Tunisie: Le lourd bilan de l’assassinat de Belaïd

Par L'Economiste | Edition N°:3965 Le 11/02/2013 | Partager
Un policier tué et 59 autres blessés
La crise politique aggravée
3.000 islamistes ont manifesté samedi

L’assassinat de l’opposant de gauche et anti-islamiste Chokri Belaïd a eu d’énormes répercussions sur la vie politique en Tunisie. Selon le ministère de l’Intérieur tunisien, un policier a été tué et 59 autres ont été blessés suite aux troubles qui ont suivi le meurtre de Belaïd. Une dizaine de postes des forces de l’ordre ont, par ailleurs, été attaqués entre mercredi, jour de l’assassinat, et vendredi. Des médias étrangers ont, de leur côté, fait état de plusieurs bureaux saccagés du parti islamiste au pouvoir, Ennahda. La transition politique de la Tunisie est pour le moins douloureuse. Plus de deux ans après la révolution du jasmin, le pays peine à retrouver le chemin de la stabilité. Le meurtre de Belaïd vient replonger l’ex-empire de Benali dans l’incertitude et mettre le gouvernement face à une grave crise politique. Pour en sortir, le Premier ministre Hamadi Jebali a annoncé son intention de former un gouvernement de technocrates, déclenchant l’ire de la direction d’Ennahda. Le Premier ministre a même menacé de démissionner si son projet, qu’il présentera cette semaine, n’est pas accepté. Les islamistes n’ont pas tardé à réagir. Samedi, au lendemain des funérailles de Chokri Belaïd, quelque 3.000 partisans d’Ennahda sont descendus manifester dans les rues de Tunis contre la décision de Jebali. Ils ont également décrié «l’ingérence» de la France, suite à la déclaration du ministre de l’Intérieur français, Manuel Valls, qui a dénoncé un «fascisme islamiste» en Tunisie. Dernièrement, le parti au pouvoir, Ennahda, n’arrive plus à composer avec ses alliés laïcs, et notamment avec le président Moncef Marzouki. Ce qui précipite encore plus le pays vers le «chaos politique».

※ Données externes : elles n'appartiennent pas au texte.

Lemma conv_sumr a b x y S : covers b x y S ->
  conv a b x y = \sum_(z <- undup (y :: S) | (x <= z <= y)%O) a x z * b z y.
Proof.
move=> H; apply: conv_sum; first exact: undup_uniq.
by move=> z xz zy /mulf_neq0P/andP[_ nz]; rewrite mem_undup (cover_right H).
Qed.

Lemma conv_neq0 a b u v : finitary a -> conv a b u v != 0 ->
  exists w, [/\ (u <= w)%O, (w <= v)%O, a u w != 0 & b w v != 0].
Proof.
move=> fa; have [S HS] := finitary_cover u v fa; rewrite (conv_suml _ HS).
by case/sum_neq0_witness => w [_ /andP[uw wv] /mulf_neq0P/andP[]]; exists w.
Qed.


Lemma ser_eq_sym a b : ser_eq a b -> ser_eq b a.
Proof. by move=> E x y xy; rewrite E. Qed.

Lemma ser_eq_trans a b c : ser_eq a b -> ser_eq b c -> ser_eq a c.
Proof. by move=> E F x y xy; rewrite E ?F. Qed.

Lemma finitary_eq a a' : ser_eq a a' -> finitary a -> finitary a'.
Proof.
move=> E fa; apply: cover_finitary => x y; have [S HS] := finitary_cover x y fa.
by exists S => u v xu uv vy; rewrite -E ?(ltW uv) //; apply: HS.
Qed.

Lemma conv_eq a a' b b' : finitary a -> ser_eq a a' -> ser_eq b b' ->
  ser_eq (conv a b) (conv a' b').
Proof.
move=> fa Ea Eb x y xy; have [S HS] := finitary_cover x y fa.
have HS' : covers a' x y S by move=> u v xu uv vy; rewrite -Ea ?(ltW uv) //; apply: HS.
rewrite (conv_suml _ HS) (conv_suml _ HS').
by apply: eq_bigr => z /andP[xz zy]; rewrite Ea ?Eb.
Qed.

(* FI(P) is closed under convolution: a nonzero entry (u, v) of a b comes
   from a nonzero entry (u, w) of a and (w, v) of b. *)
Lemma conv_finitary a b : finitary a -> finitary b -> finitary (conv a b).
Proof.
move=> fa fb; apply: cover_finitary => x y.
have [Sa Ha] := finitary_cover x y fa; have [Sb Hb] := finitary_cover x y fb.
exists (Sa ++ Sb) => u v xu uv vy nz; rewrite !mem_cat.
have [w [uw wv auw bwv]] := conv_neq0 fa nz.
have xw := le_trans xu uw; have wy := le_trans wv vy.
apply/andP; split.
  have [ewu|nwu] := eqVneq w u.
    by move: bwv; rewrite ewu => /(Hb u v xu uv vy)/andP[-> _]; rewrite orbT.
  have uw' : (u < w)%O by rewrite lt_def nwu.
  by have /andP[-> _] := Ha u w xu uw' wy auw.
have [ewv|nwv] := eqVneq w v.
  by move: auw; rewrite ewv => /(Ha u v xu uv vy)/andP[_ ->].
have wv' : (w < v)%O by rewrite lt_def eq_sym nwv.
by have /andP[_ ->] := Hb w v xw wv' vy bwv; rewrite orbT.
Qed.

Lemma sum_interval_exchange (L : seq P) (F : P -> P -> K) x y :
  \sum_(z <- L | (x <= z <= y)%O) \sum_(w <- L | (x <= w <= z)%O) F z w =
  \sum_(w <- L | (x <= w <= y)%O) \sum_(z <- L | (w <= z <= y)%O) F z w.
Proof.
rewrite (exchange_big_dep (fun w => (x <= w <= y)%O)) /=; last first.
  by move=> z w /andP[_ zy] /andP[xw wz]; rewrite xw (le_trans wz zy).
apply: eq_bigr => w /andP[xw wy]; apply: eq_bigl => z.
apply/idP/idP => [/andP[/andP[_ zy] /andP[_ wz]]|/andP[wz zy]]; first by rewrite wz.
by rewrite (le_trans xw wz) zy xw wz.
Qed.

Lemma convA a b c : finitary a -> finitary c ->
  ser_eq (conv (conv a b) c) (conv a (conv b c)).
Proof.
move=> fa fc x y xy.
have [Sa Ha] := finitary_cover x y fa; have [Sc Hc] := finitary_cover x y fc.
set L := undup (x :: y :: Sa ++ Sc); have uL : uniq L := undup_uniq _.
have inL_a z : z \in x :: Sa -> z \in L.
  by rewrite mem_undup !inE mem_cat => /orP[->|->]; rewrite ?orbT.
have inL_c z : z \in y :: Sc -> z \in L.
  by rewrite mem_undup !inE mem_cat => /orP[->|->]; rewrite ?orbT.
rewrite (conv_sum uL); last first.
  by move=> z xz zy /mulf_neq0P/andP[_ nz]; rewrite inL_c // (cover_right Hc).
rewrite (conv_sum uL); last first.
  by move=> z xz zy /mulf_neq0P/andP[nz _]; rewrite inL_a // (cover_left Ha).
transitivity (\sum_(z <- L | (x <= z <= y)%O) \sum_(w <- L | (x <= w <= z)%O)
                 a x w * b w z * c z y).
  apply: eq_bigr => z /andP[xz zy]; rewrite (conv_sum uL) ?big_distrl //.
  move=> w xw wz /mulf_neq0P/andP[nz _].
  by rewrite inL_a // (cover_left Ha xw (le_trans wz zy)).
rewrite sum_interval_exchange; apply: eq_bigr => w /andP[xw wy].
rewrite (conv_sum uL) ?big_distrr; last first.
  move=> z wz zy /mulf_neq0P/andP[_ nz].
  by rewrite inL_c // (cover_right Hc (le_trans xw wz)).
by apply: eq_bigr => z _; rewrite -mulrA.
Qed.

Lemma conv_diagl a b u v : diagonal a -> (u <= v)%O -> conv a b u v = a u u * b u v.
Proof.
move=> da uv; rewrite (conv_sum (s := [:: u])) //.
  by rewrite big_cons big_nil lexx uv addr0.
move=> z _ _ /mulf_neq0P/andP[nz _]; rewrite inE eq_sym.
by apply: contraNT nz => /da ->.
Qed.

Lemma conv_diagr a b u v : diagonal b -> (u <= v)%O -> conv a b u v = a u v * b v v.
Proof.
move=> db uv; rewrite (conv_sum (s := [:: v])) //.
  by rewrite big_cons big_nil lexx uv addr0.
move=> z _ _ /mulf_neq0P/andP[_ nz]; rewrite inE.
by apply: contraNT nz => /db ->.
Qed.

Lemma conv_diag_entry a b x : conv a b x x = a x x * b x x.
Proof.
rewrite (conv_sum (s := [:: x])) ?big_cons ?big_nil ?lexx ?addr0 //.
by move=> z xz zx _; rewrite inE eq_le zx xz.
Qed.

Definition ser_add a b : ser P K := fun x y => a x y + b x y.
Definition ser_opp a : ser P K := fun x y => - a x y.

Lemma covers_add a b x y S T : covers a x y S -> covers b x y T ->
  covers (ser_add a b) x y (S ++ T).
Proof.
move=> Ha Hb u v xu uv vy nz; rewrite !mem_cat.
have [a0|/(Ha u v xu uv vy)/andP[-> ->] //] := eqVneq (a u v) 0.
move: nz; rewrite /ser_add a0 add0r => /(Hb u v xu uv vy)/andP[-> ->].
by rewrite !orbT.
Qed.

Lemma ser_add_finitary a b : finitary a -> finitary b -> finitary (ser_add a b).
Proof.
move=> fa fb; apply: cover_finitary => x y.
have [Sa Ha] := finitary_cover x y fa; have [Sb Hb] := finitary_cover x y fb.
by exists (Sa ++ Sb); apply: covers_add.
Qed.

Lemma ser_opp_finitary a : finitary a -> finitary (ser_opp a).
Proof.
move=> fa; apply: cover_finitary => x y; have [S HS] := finitary_cover x y fa.
by exists S => u v xu uv vy; rewrite oppr_eq0; apply: HS.
Qed.

Lemma conv_addl a b c : finitary a -> finitary b ->
  ser_eq (conv (ser_add a b) c) (ser_add (conv a c) (conv b c)).
Proof.
move=> fa fb x y xy.
have [Sa Ha] := finitary_cover x y fa; have [Sb Hb] := finitary_cover x y fb.
have sub_l : {subset Sa <= Sa ++ Sb} by move=> z; rewrite mem_cat => ->.
have sub_r : {subset Sb <= Sa ++ Sb} by move=> z; rewrite mem_cat orbC => ->.
rewrite /ser_add (conv_suml _ (covers_add Ha Hb)).
rewrite (conv_suml _ (covers_subset Ha sub_l)) (conv_suml _ (covers_subset Hb sub_r)).
by rewrite -big_split; apply: eq_bigr => z _; rewrite mulrDl.
Qed.

Lemma conv_addr a b c : finitary a ->
  ser_eq (conv a (ser_add b c)) (ser_add (conv a b) (conv a c)).
Proof.
move=> fa x y xy; have [S HS] := finitary_cover x y fa.
by rewrite /ser_add !(conv_suml _ HS) -big_split; apply: eq_bigr => z _; rewrite mulrDr.
Qed.

End Convolution.

Section FIRing.
Variables (d : Order.disp_t) (P : porderType d) (K : fieldType).
Implicit Types (a b c : ser P K) (x y u v : P).

Lemma diagonal_finitary a : diagonal a -> finitary a.
Proof.
move=> da; apply: cover_finitary => x y.
by exists [::] => u v _ uv _; rewrite da ?eqxx // lt_eqF.
Qed.

Lemma ser0_diagonal : diagonal (@ser0 _ P K). Proof. by []. Qed.

Lemma ser1_diagonal : diagonal (@ser1 _ P K).
Proof. by move=> x y /negbTE; rewrite /ser1 => ->. Qed.

Lemma delta_diagonal x : diagonal (delta K x).
Proof.
move=> u v; apply: contraNeq; rewrite /delta.
by case: (u =P x) => [->|_]; case: (v =P x) => [->|_]; rewrite ?eqxx.
Qed.

(* To turn FI(P) into a ring type, each class of [ser_eq] is represented by
   its unique member vanishing outside the pairs x <= y. *)
Definition ser_normal a := forall x y, ~~ (x <= y)%O -> a x y = 0.

Record fi := FI { fval : ser P K; fvalP : finitary fval /\ ser_normal fval }.

Definition normalize a : ser P K := fun x y => if (x <= y)%O then a x y else 0.

Lemma normalizeE a : ser_eq (normalize a) a.
Proof. by move=> x y xy; rewrite /normalize xy. Qed.

Lemma normalize_normal a : ser_normal (normalize a).
Proof. by move=> x y /negbTE xy; rewrite /normalize xy. Qed.

Definition mkfi a (fa : finitary a) : fi :=
  FI (conj (finitary_eq (ser_eq_sym (normalizeE a)) fa) (normalize_normal a)).

Lemma mkfiE a (fa : finitary a) : ser_eq (fval (mkfi fa)) a.
Proof. exact: normalizeE. Qed.

Lemma fval_finitary (p : fi) : finitary (fval p). Proof. exact: (fvalP p).1. Qed.

Lemma fi_ext (p q : fi) : ser_eq (fval p) (fval q) -> p = q.
Proof.
case: p q => [p [fp np]] [q [fq nq]] /= E.
have epq : p = q.
  apply/funext => x; apply/funext => y.
  by have [/E //|nxy] := boolP (x <= y)%O; rewrite np ?nq.
by subst q; congr FI; apply: Prop_irrelevance.
Qed.

Lemma mkfi_eq a b (fa : finitary a) (fb : finitary b) :
  mkfi fa = mkfi fb <-> ser_eq a b.
Proof.
split=> [E|E]; last by apply: fi_ext => x y xy; rewrite !mkfiE // E.
by move=> x y xy; rewrite -(mkfiE fa) // -(mkfiE fb) // E.
Qed.

Lemma mkfi_fval (p : fi) : mkfi (fval_finitary p) = p.
Proof. exact: fi_ext (mkfiE _). Qed.

HB.instance Definition _ := gen_eqMixin fi.
HB.instance Definition _ := gen_choiceMixin fi.

Definition fi_zero := mkfi (diagonal_finitary ser0_diagonal).
Definition fi_one := mkfi (diagonal_finitary ser1_diagonal).
Definition fi_add (p q : fi) :=
  mkfi (ser_add_finitary (fval_finitary p) (fval_finitary q)).
Definition fi_opp (p : fi) := mkfi (ser_opp_finitary (fval_finitary p)).
Definition fi_mul (p q : fi) := mkfi (conv_finitary (fval_finitary p) (fval_finitary q)).

Lemma fi_addA : associative fi_add.
Proof. by move=> p q r; apply/mkfi_eq => x y xy; rewrite /ser_add !mkfiE // addrA. Qed.

Lemma fi_addC : commutative fi_add.
Proof. by move=> p q; apply/mkfi_eq => x y xy; rewrite /ser_add addrC. Qed.

Lemma fi_add0 : left_id fi_zero fi_add.
Proof.
by move=> p; apply: fi_ext => x y xy; rewrite !mkfiE // /ser_add mkfiE // add0r.
Qed.

Lemma fi_addN : left_inverse fi_zero fi_opp fi_add.
Proof.
by move=> p; apply/mkfi_eq => x y xy; rewrite /ser_add mkfiE // addNr.
Qed.

HB.instance Definition _ := GRing.isZmodule.Build fi fi_addA fi_addC fi_add0 fi_addN.

Lemma mkfi_mul a b (fa : finitary a) (fb : finitary b) :
  fi_mul (mkfi fa) (mkfi fb) = mkfi (conv_finitary fa fb).
Proof. by apply/mkfi_eq/conv_eq; [exact: fval_finitary | exact: mkfiE..]. Qed.

Lemma fi_mulA : associative fi_mul.
Proof.
move=> p q r; rewrite -(mkfi_fval p) -(mkfi_fval q) -(mkfi_fval r) !mkfi_mul.
by apply/mkfi_eq/ser_eq_sym/convA; apply: fval_finitary.
Qed.

Lemma fi_mul1 : left_id fi_one fi_mul.
Proof.
move=> p; rewrite /fi_one -[p]mkfi_fval mkfi_mul; apply/mkfi_eq => x y xy.
by rewrite (conv_diagl _ ser1_diagonal xy) /ser1 eqxx mul1r.
Qed.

Depuis octobre 2011, date de l’élection de l’Assemblée constituante, la Tunisie est dirigée par une coalition entre Ennahda et deux petits partis de centre-gauche, dont celui du président Marzouki. Faute de consensus, l’élaboration d’une nouvelle constitution reste bloquée, alors que les conflits sociaux augmentent en raison de la montée du chômage et de la pauvreté.